What is being asked: Report how many lines below contain the word "From", and give only that number.
**** Dataset records ****
(* Suppose $\rho\in\mathcal{P}$. Then there is a positive constant $C_9$ such that $|V_c(x,y)|\le C_9$ for all $(x,y)$ with $x<-3a$ and for all $0<\delta\le\delta_\mu$.
   Context: Fix $a>0$. For $0<\delta<1$ and constants $\beta>0$, $\lambda\in\mathbb{R}$ ($\lambda$ feasible: $\lambda>0$ if $0<\beta<1$, $\lambda\ge-1$ if $\beta=1$, $\lambda\ne0$ if $\beta>1$), put $\mu=\delta+\lambda\delta^{\beta}$, and let $\delta_\mu\in(0,1)$ be a number with $\mu\ge0$ for $0<\delta\le\delta_\mu$. The dielectric constant is $\varepsilon_c=1+\mathrm{i}\mu$ for $x<0$, $\varepsilon_s=-1+\mathrm{i}\delta$ for $0\le x\le a$, $\varepsilon_m=1$ for $x>a$. Let $\mathcal{M}=\{(x,y)\in\mathbb{R}^2:x>a\}$. $\mathcal{P}$ is the set of real-valued $\rho\in L^2(\mathcal{M})\cap L^\infty(\mathcal{M})$ with compact support in $\mathcal{M}$, $0<|\operatorname{supp}\rho|<\infty$ and $\int\!\!\int\rho=0$; $\rho$ is extended by $0$. $d_0,d_1$ are the minimal and maximal $x$-coordinates of $\operatorname{supp}\rho$. Fourier transform in $y$: $\widehat f(x,k)=\int f(x,y)\mathrm{e}^{-\mathrm{i}ky}\mathrm{d}y$; $I_k=\int_{d_0}^{d_1}\widehat\rho(s,k)\mathrm{e}^{-|k|s}\mathrm{d}s$. Let $\chi_c=\varepsilon_s/\varepsilon_c$, $\psi_k^+=\frac{1}{2\chi_c}[(\chi_c+1)\mathrm{e}^{|k|a}+(\chi_c-1)\mathrm{e}^{-|k|a}]$, $\psi_k^-=\frac{|k|\varepsilon_s}{2\chi_c}[(\chi_c+1)\mathrm{e}^{|k|a}-(\chi_c-1)\mathrm{e}^{-|k|a}]$, $A_k=I_k/(\mathrm{e}^{-|k|a}(|k|\psi_k^++\psi_k^-))$. The potential $V$ is defined by its $y$-Fourier transform: for $k\ne0$, $\widehat V(x,k)=A_k\mathrm{e}^{|k|x}$ for $x<0$; $\widehat V(x,k)=\frac{A_k}{2\chi_c}[(\chi_c+1)\mathrm{e}^{|k|x}+(\chi_c-1)\mathrm{e}^{-|k|x}]$ for $0\le x\le a$; $\widehat V(x,k)=A_k\psi_k^+\cosh(|k|(x-a))+\frac{A_k\psi_k^-}{|k|}\sinh(|k|(x-a))+\frac1{|k|}\int_a^x\sinh(|k|(x'-x))\widehat\rho(x',k)\mathrm{d}x'$ for $x>a$. It solves $-\nabla\cdot(\varepsilon\nabla V)=\rho$ in $\mathbb{R}^2$ with $V$, $\varepsilon\partial_xV$ continuous across $x=0,a$ and $\partial_xV\to0$ as $|x|\to\infty$. $V_c=V$ restricted to $\{x<0\}$, where $V$ is harmonic; pointwise values refer to its smooth representative. *)

From HB Require Import structures.
From mathcomp Require Import all_boot all_order all_algebra.
From mathcomp Require Import all_classical all_reals all_analysis.
From mathcomp Require Import complex.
****
Exercise response: 4